Election nights are wonderful. There are swings, exit polls, and reminders that these graphics are based on projected vote-shares. For about 15 years, I've sat up into the too, too early morning breathlessly awaiting results at every opportunity. I even sat up for the results of the referendums on Scottish and Welsh devolution. But not tonight. Tonight I realised that I actually don't care.
I don't care if the Tories take a council in the north. I don't care if Labour can hold Reading. I don't care what Worcester woman does. Unless it's porn. I might stay up if it's porn.
As the early results came in I settled in front of Dimbleby's massive face, surrounded myself with booze, and waited. And waited. And it never happened. The tingle, the odd squeeze of the gut as the Tories take a seat in Wyre Forest, the infintesimal thrill as they lose one somewhere else. It never happened. I just don't care any more.
It's taken a long time for me not to care. I've adopted a position of haughty indifference in public for as long as I can remember. "They're all the same," was a mantra to live by. I knew this. I'd go on at tedious length about it. They're all the same. But, of course, they aren't. Some of them are Blues and are thus hateful gutter-vermin, a black crust around the rim of humanity's toilet bowl, whose every misfortune makes the world a happier place.
And the others have been swaggering disappointment-hounds, urinating in the face of all that was good and decent, with Richard Branson holding their collective penis. From Clause IV to tuition fees, from the Terrorism Acts to Iraq, to the 10p rate of tax, to all my adult life they've... No. It doesn't matter. I don't care any more. And, nominally, I never have - but there was always a little smile of satisfaction when they won something. Because if they won, the others lost. And the only thing worse than them was the others.

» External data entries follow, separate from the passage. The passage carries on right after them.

Lemma in_shape_row r c1 c2 c : in_shape T (r, c1) -> in_shape T (r, c2) ->
  c1 <= c <= c2 -> in_shape T (r, c).
Proof. by rewrite /in_shape /= => /andP [? ?] /andP [? ?] /andP [? ?]; lia. Qed.

Lemma tab_row_le r c1 c2 : in_shape T (r, c1) -> in_shape T (r, c2) -> c1 <= c2 ->
  ebox T (r, c1) <= ebox T (r, c2).
Proof. by case: HT => [_ [[row_le _] _]]; apply: row_le. Qed.

Lemma tab_col_le c r1 r2 : in_shape T (r1, c) -> in_shape T (r2, c) -> r1 <= r2 ->
  ebox T (r1, c) <= ebox T (r2, c).
Proof. by case: HT => [_ [[_ col_le] _]]; apply: col_le. Qed.

Lemma tab_row_eq_even r c1 c2 : in_shape T (r, c1) -> in_shape T (r, c2) -> c1 < c2 ->
  ebox T (r, c1) = ebox T (r, c2) -> ~~ odd (ebox T (r, c1)).
Proof. by case: HT => [_ [_ [row_eq _]]]; apply: row_eq. Qed.

Lemma tab_col_eq_odd c r1 r2 : in_shape T (r1, c) -> in_shape T (r2, c) -> r1 < r2 ->
  ebox T (r1, c) = ebox T (r2, c) -> odd (ebox T (r1, c)).
Proof. by case: HT => [_ [_ [_ col_eq]]]; apply: col_eq. Qed.

Lemma tab_col_lt_even r c : in_shape T (r, c) -> in_shape T (r.+1, c) ->
  ~~ odd (ebox T (r, c)) -> ebox T (r, c) < ebox T (r.+1, c).
Proof.
move=> s1 s2 even_e; rewrite ltn_neqAle tab_col_le // andbT.
by apply: contra even_e => /eqP /(tab_col_eq_odd s1 s2 (ltnSn r)).
Qed.

(* Below an i the entry exceeds i, two j' cannot share a row, and the row
   below is bounded by j further right: this forces a j to the southeast. *)
Lemma tab_southeast_j i r c t : in_shape T (r, c) -> ebox T (r, c) = unp i ->
  in_shape T (r.+1, t) -> c < t -> ebox T (r.+1, t) <= unp i.+1 ->
  in_shape T (r.+1, c.+1) /\ ebox T (r.+1, c.+1) = unp i.+1.
Proof.
move=> s_rc e_rc s_t ltct le_t.
have s_below : in_shape T (r.+1, c) by apply: in_shape_below s_rc s_t _; lia.
have s_se : in_shape T (r.+1, c.+1) by apply: in_shape_below s_rc s_t _; lia.
split=> //.
have gt_below := tab_col_lt_even s_rc s_below; rewrite e_rc odd_unp in gt_below.
have := gt_below isT; have := tab_row_le s_below s_se (leqnSn c).
have := tab_row_le s_se s_t ltct; rewrite unp_succ in le_t *.
have not_prm : ebox T (r.+1, c.+1) != (unp i).+1.
  apply/eqP=> e_se; have e_eq : ebox T (r.+1, c) = ebox T (r.+1, c.+1).
    by apply/eqP; rewrite eqn_leq tab_row_le ?leqnSn //= e_se gt_below.
  by have := tab_row_eq_even s_below s_se (ltnSn c) e_eq; rewrite e_eq e_se /= odd_unp.
by move: not_prm; rewrite neq_ltn; case/orP; lia.
Qed.

Lemma tab_row_between_i i r c1 c2 c : in_shape T (r, c1) -> ebox T (r, c1) = unp i ->
  in_shape T (r, c2) -> ebox T (r, c2) <= (unp i).+1 -> c1 <= c < c2 ->
  cval T (r, c) = Some (unp i).
Proof.
move=> s1 e1 s2 le2 /andP [le_c lt_c]; have s_c : in_shape T (r, c).
  by apply: in_shape_row s1 s2 _; rewrite le_c ltnW.
apply/cvalP; split=> //; have := tab_row_le s1 s_c le_c; have := tab_row_le s_c s2 (ltnW lt_c).
rewrite e1 => le_c2 ge_c; apply/eqP; rewrite eqn_leq ge_c andbT -ltnS ltn_neqAle.
rewrite (leq_trans le_c2 le2) andbT; apply/eqP => e_c.
have e_eq : ebox T (r, c) = ebox T (r, c2) by apply/eqP; rewrite eqn_leq le_c2 e_c.
by have := tab_row_eq_even s_c s2 lt_c e_eq; rewrite e_c /= odd_unp.
Qed.

Lemma tab_below_i_left_of_j i r c : in_shape T (r, c) -> ebox T (r, c) = unp i ->
  in_shape T (r.+1, c.+1) -> ebox T (r.+1, c.+1) = unp i.+1 -> jbox T i.+1 (r.+1, c).
Proof.
move=> s_nw e_nw s_e e_e; have s_w : in_shape T (r.+1, c) by apply: in_shape_below s_nw s_e _; lia.
have := tab_col_lt_even s_nw s_w; rewrite e_nw odd_unp => /(_ isT).
have := tab_row_le s_w s_e (leqnSn c); rewrite e_e unp_succ.
rewrite /jbox /cval s_w prm_succ unp_succ -/(ebox T (r.+1, c)) /=.
by move: (ebox T (r.+1, c)) => e le_e gt_e; apply/orP; rewrite !(inj_eq (@Some_inj _)); lia.
Qed.

Lemma jbox_above_jbox j r c : jbox T j.+1 (r, c) -> jbox T j.+1 (r.+1, c) ->
  cval T (r, c) = Some (prm j.+1).
Proof.
move=> /jboxP [s1 [e1|e1]] /jboxP [s2 e2]; first exact/cvalP.
have := tab_col_le s1 s2 (leqnSn r); have := tab_col_eq_odd s1 s2 (ltnSn r).
rewrite e1 odd_unp; case: e2 => ->; rewrite ?prm_succ unp_succ; last by move=> /(_ erefl).
by rewrite ltnn.
Qed.

End Tableau.

Lemma path_stepSW_bounds (p0 : box) s b : path stepSW p0 s -> b \in p0 :: s ->
  p0.1 <= b.1 /\ b.2 <= p0.2.
Proof.
elim: s p0 => [|y s IH] p0 /=; first by rewrite inE => _ /eqP ->.
case/andP=> step_y path_s; rewrite inE => /orP [/eqP -> //|bs].
have [] := IH y path_s bs; move: step_y; rewrite /stepSW.
by case/orP=> [/eqP -> /=|/andP [_ /eqP -> /=]]; lia.
Qed.

Lemma path_stepSW_descent (p0 : box) s b r : path stepSW p0 s -> b \in s ->
  p0.1 <= r < b.1 -> exists z, [/\ z \in p0 :: s, z.1 = r, (r.+1, z.2) \in s & b.2 <= z.2].
Proof.
elim: s p0 => [|y s IH] p0 //= /andP [step_y path_s]; rewrite inE => /orP [/eqP ->|bs] hr.
  move: step_y; rewrite /stepSW => /orP [/eqP E|/andP [_ /eqP E]]; rewrite E /= in hr *; last lia.
  have -> : r = p0.1 by lia.
  by exists p0; rewrite !inE !eqxx.
have [h1 h2] := path_stepSW_bounds path_s (b := b) (mem_behead (s := y :: s) bs).
case: (leqP y.1 r) => hy.
  have [z [z_in z_row below_z z_east]] := IH y path_s bs (ltac:(by rewrite hy; case/andP: hr)).
  by exists z; split; rewrite // in_cons ?z_in ?below_z orbT.
move: step_y; rewrite /stepSW => /orP [/eqP E|/andP [_ /eqP E]];
  rewrite E /= in hy h1 h2 *; last lia.
have -> : r = p0.1 by lia.
by exists p0; rewrite !inE !eqxx; split=> //; lia.
Qed.

Definition southeast (p : box) : box := (p.1.+1, p.2.+1).

Definition northwest_is (T : ptab) (v : nat) (b : box) : bool :=
  [&& 0 < b.1, 0 < b.2 & cval T (b.1.-1, b.2.-1) == Some v].

Lemma southeast_inj : injective southeast.
Proof. by move=> [a1 a2] [b1 b2] [-> ->]. Qed.

Section RightmostUnbracketed.
Variables (k : nat) (T : ptab) (i : nat) (B : seq (nat * nat)) (n : nat).
Hypothesis HT : is_primed_tableau k T.
Let wb := ij_boxes T i.
Let w := [seq ent T p.1 p.2 == unp i.+1 | p <- wb].
Hypotheses (HB : brk_reach w B) (Hf : brk_final w B) (Hn : unbr_i w B n).
Let x := nth (0, 0) wb n.

Lemma rightmost_unbr_i_box : in_shape T x /\ ebox T x = unp i.
Proof.
have lt_n := unbr_i_lt_size Hn; have := mem_nth (0, 0) lt_n.
rewrite mem_ij_boxes => /andP [xs /orP [/eqP //|/eqP xj]].
by case/and3P: Hn => _; rewrite (nth_map (0, 0)) // -/x -/(ebox T x) xj eqxx.
Qed.

Lemma southeast_gt_j : gt_ext (cval T (southeast x)) (unp i.+1).
Proof.
have [xs xi] := rightmost_unbr_i_box.
rewrite /cval; case: ifP => //= se_s; rewrite ltnNge; apply/negP => le_se.
have [_ se_j] := tab_southeast_j HT xs xi se_s (ltnSn _) le_se.
pose row_i c := in_shape T (x.1, c) && (ebox T (x.1, c) == unp i).
have row_x : row_i x.2 by rewrite /row_i -surjective_pairing xs xi eqxx.
have [a /andP [a_s /eqP a_i] a_min] := ex_minnP (ex_intro row_i _ row_x).
apply: (read_between_no_spare_j HB Hf Hn southeast_inj (b := (x.1.+1, a)) (y := southeast x)).
- by rewrite mem_ij_boxes se_s se_j eqxx orbT.
- rewrite /read_between /read_before /southeast /= ltnn eqxx ltnSn andbT -leqNgt.
  exact: leq_trans (a_min _ row_x) (leqnSn _).
- exact: se_j.
move=> [r c]; rewrite mem_ij_boxes /read_between /read_before /= => /andP [rc_s _] rc_seg rc_i.
have : (r = x.1.+1 /\ a <= c) \/ (r = x.1 /\ c < x.2).
  by move: rc_seg; rewrite -/x => /andP [/norP [? /nandP ?] /orP [?|/andP [/eqP ? ?]]]; lia.
case=> [[r_eq a_le_c]|[r_eq lt_c]]; subst r.
- have below_a : in_shape T (x.1.+1, a) by apply: (in_shape_below HT a_s rc_s); lia.
  have := tab_col_lt_even HT a_s below_a; rewrite a_i odd_unp => /(_ isT).
  by have := tab_row_le HT below_a rc_s a_le_c; rewrite rc_i; lia.
have a_le_c : a <= c by apply: a_min; rewrite /row_i rc_s rc_i eqxx.
have [se_rc_s se_rc_j] := tab_southeast_j HT rc_s rc_i se_s (leqW lt_c) le_se.
rewrite /southeast /= mem_ij_boxes se_rc_s se_rc_j eqxx orbT /read_between /read_before /=.
rewrite -/x !ltnn eqxx ltnSn /= -leqNgt (leqW a_le_c); split=> //.
by apply/eqP => -[]; lia.
Qed.

Let Sx : box := (x.1.+1, x.2).
Variable rest : seq box.
Hypotheses (ribbon_j : all (jbox T i.+1) (Sx :: rest)) (ribbon_path : path stepSW Sx rest).

Lemma path_from_x : path stepSW x (Sx :: rest).
Proof. by rewrite /= ribbon_path /stepSW eqxx. Qed.

Lemma ribbon_descent_box z : z \in x :: Sx :: rest -> (z.1.+1, z.2) \in Sx :: rest ->
  in_shape T z /\ (z = x \/ ebox T z = prm i.+1).
Proof.
rewrite in_cons => /orP [/eqP ->|zR] belowR.
  by have [xs _] := rightmost_unbr_i_box; split=> //; left.
have /cvalP [] := jbox_above_jbox HT (allP ribbon_j _ zR) (allP ribbon_j _ belowR).
by rewrite -surjective_pairing => ? ?; split=> //; right.
Qed.

Section RibbonJBox.
Variable b : box.
Hypotheses (bR : b \in Sx :: rest) (b_j : cval T b = Some (unp i.+1)).
Hypothesis not_nw_i : ~~ northwest_is T (unp i) b.

Lemma read_between_ribbon_i_row p : p \in wb -> read_between b x p -> ebox T p = unp i ->
  x.1 <= p.1 < b.1.
Proof.
move: b_j => /cvalP [b_s b_e]; case: p => r c.
rewrite mem_ij_boxes /read_between /read_before /= => /andP [p_s _] p_seg p_i.
have [r_eq|r_ne] := eqVneq r b.1; last by lia.
rewrite r_eq in p_s p_i p_seg; have b2_le : b.2 <= c by lia.
have := tab_row_le HT (c1 := b.2) _ p_s b2_le; rewrite -surjective_pairing => /(_ b_s).
by rewrite [ebox T (b.1, c)]p_i b_e unp_succ; lia.
Qed.

Lemma ribbon_i_southeast p : p \in wb -> read_between b x p -> ebox T p = unp i ->
  [/\ southeast p \in wb, read_between b x (southeast p),
      ebox T (southeast p) = unp i.+1 & southeast p != b].
Proof.
case: p => r c pw p_seg p_i; have p_row := read_between_ribbon_i_row pw p_seg p_i.
have [[z1 z2] [zR /= z_row belowR b2_le]] := path_stepSW_descent path_from_x bR p_row.
subst z1; have [z_s z_x_or_prm] := ribbon_descent_box zR belowR.
have [below_s below_e] := jboxP (allP ribbon_j _ belowR).
have p_s : in_shape T (r, c) by move: pw; rewrite mem_ij_boxes => /andP [].
have lt_cz : c < z2.
  case: z_x_or_prm => [z_x|z_prm].
    by move: p_seg; rewrite -/x -z_x /read_between /read_before /= ltnn eqxx /=; case/andP.
  rewrite ltnNge; apply/negP => le_zc; have := tab_row_le HT z_s p_s le_zc.
  by rewrite z_prm p_i prm_succ ltnn.
have le_z : ebox T (r, z2) <= (unp i).+1.
  by case: z_x_or_prm => [->|->]; [have [_ ->] := rightmost_unbr_i_box | rewrite prm_succ].
have le_below : ebox T (r.+1, z2) <= unp i.+1.
  by case: below_e => ->; rewrite ?prm_succ unp_succ.
have [se_s se_j] := tab_southeast_j HT p_s p_i below_s lt_cz le_below.
have nw_of_b : r.+1 = b.1 -> c < b.2 -> False.
  move=> r_b c_b; have b2_pos : 0 < b.2 := leq_ltn_trans (leq0n c) c_b.
  case/negP: not_nw_i; rewrite /northwest_is -r_b b2_pos /=.
  apply/eqP/(tab_row_between_i HT p_s p_i z_s le_z).
  by rewrite -ltnS prednK // c_b (leq_trans _ b2_le) // ltn_predL.
split=> //; first by rewrite mem_ij_boxes se_s se_j eqxx orbT.
  rewrite /read_between /read_before /southeast /= -/x; case/andP: p_row => x_r r_b.
  have [r_eq|r_ne] := eqVneq r.+1 b.1; last by rewrite !ltnS x_r andFb orbF -ltnNge r_b.
  have c_b : b.2 <= c.+1 by rewrite leqNgt; apply/negP => /ltnW; apply: nw_of_b.
  by rewrite -r_eq ltnn /= -leqNgt c_b ltnS x_r.
by apply/eqP => se_b; apply: nw_of_b; rewrite -se_b.
Qed.

End RibbonJBox.

Lemma ribbon_j_northwest_i b : b \in Sx :: rest -> cval T b = Some (unp i.+1) ->
  northwest_is T (unp i) b.
Proof.
move=> bR b_j; apply/negPn/negP => not_nw; have /cvalP [b_s b_e] := b_j.
apply: (read_between_no_spare_j HB Hf Hn southeast_inj (b := b) (y := b)) => //.
- by rewrite mem_ij_boxes b_s b_e eqxx orbT.
- have [x_b _] := path_stepSW_bounds ribbon_path bR.
  by rewrite /read_between read_before_irr /read_before -/x x_b.
exact: ribbon_i_southeast.
Qed.

Lemma ribbon_last_prm : (forall b, stepSW (last Sx rest) b -> ~~ jbox T i.+1 b) ->
  cval T (last Sx rest) = Some (prm i.+1).
Proof.
move=> maximal; set q := last Sx rest; have qR : q \in Sx :: rest := mem_last _ _.
have [q_s [q_prm|q_j]] := jboxP (allP ribbon_j _ qR); first exact/cvalP.
have /and3P [q1 q2 /eqP /cvalP [nw_s nw_e]] := ribbon_j_northwest_i qR (ltac:(exact/cvalP)).
case/negP: (maximal (q.1, q.2.-1) (ltac:(by rewrite /stepSW q2 eqxx orbT))).
move: q1 q2 nw_s nw_e q_s q_j; case: q {qR} => [[|r] [|c]] //= _ _.
exact: (tab_below_i_left_of_j HT).
Qed.

End RightmostUnbracketed.

Theorem lemma3p1 (k : nat) (T : ptab) (i : nat) (B : seq (nat * nat)) (n : nat) :
  is_primed_tableau k T -> 1 <= i -> i <= k.-1 ->
  let j := i.+1 in
  let wb := ij_boxes T i in
  let w := [seq ent T p.1 p.2 == unp j | p <- wb] in
  brk_reach w B -> brk_final w B ->
  (* n is the position of the rightmost unbracketed i *)
  unbr_i w B n -> (forall m, unbr_i w B m -> m <= n) ->
  let x := nth (0, 0) wb n in
  let Ex := (x.1, x.2.+1) in
  let Sx := (x.1.+1, x.2) in
  (* (a) case F2, q = E_x *)
  (cval T Ex = Some (prm j) -> gt_ext (cval T (Ex.1.+1, Ex.2)) (unp j)) /\
  (* (b) case F3 *)
  (geq_ext (cval T Ex) (unp j) ->
   (cval T Sx = Some (prm j) \/ cval T Sx = Some (unp j)) ->
   forall rest, max_ribbon T j Sx rest ->
     (forall b, b \in Sx :: rest -> cval T b = Some (unp j) ->
        [/\ 0 < b.1, 0 < b.2 & cval T (b.1.-1, b.2.-1) = Some (unp i)]) /\
     cval T (last Sx rest) = Some (prm j)).
Proof.
move=> HT _ _ j wb w HB Hf Hn _ x Ex Sx; split.
  by move=> _; apply: southeast_gt_j HT HB Hf Hn.
move=> _ _ rest [ribbon_j ribbon_path maximal]; split.
  move=> b bR b_j.
  by have /and3P [? ? /eqP ?] := ribbon_j_northwest_i HT HB Hf Hn ribbon_j ribbon_path bR b_j.
exact: (ribbon_last_prm HT HB Hf Hn ribbon_j ribbon_path maximal).
Qed.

Except it wasn't. Finally, my gut appears to have accepted what my brain claimed to know. They are no better than the others. That half-hope that it was all Tony Blair, and that once he was gone they might rediscover the principles you always hoped they had? The pipe-dream of a twatbasket. Nothing more. A towering, imaginary palace, constructed of dandelion seeds and fairy guff.
And tonight, watching the heads bray and bleat about what this means for who, finally, I truly did not care. And I shall go to bed and not care. I shan't care. It's over, at long last. I do not care.
Until tomorrow, when they count the votes for London Mayor...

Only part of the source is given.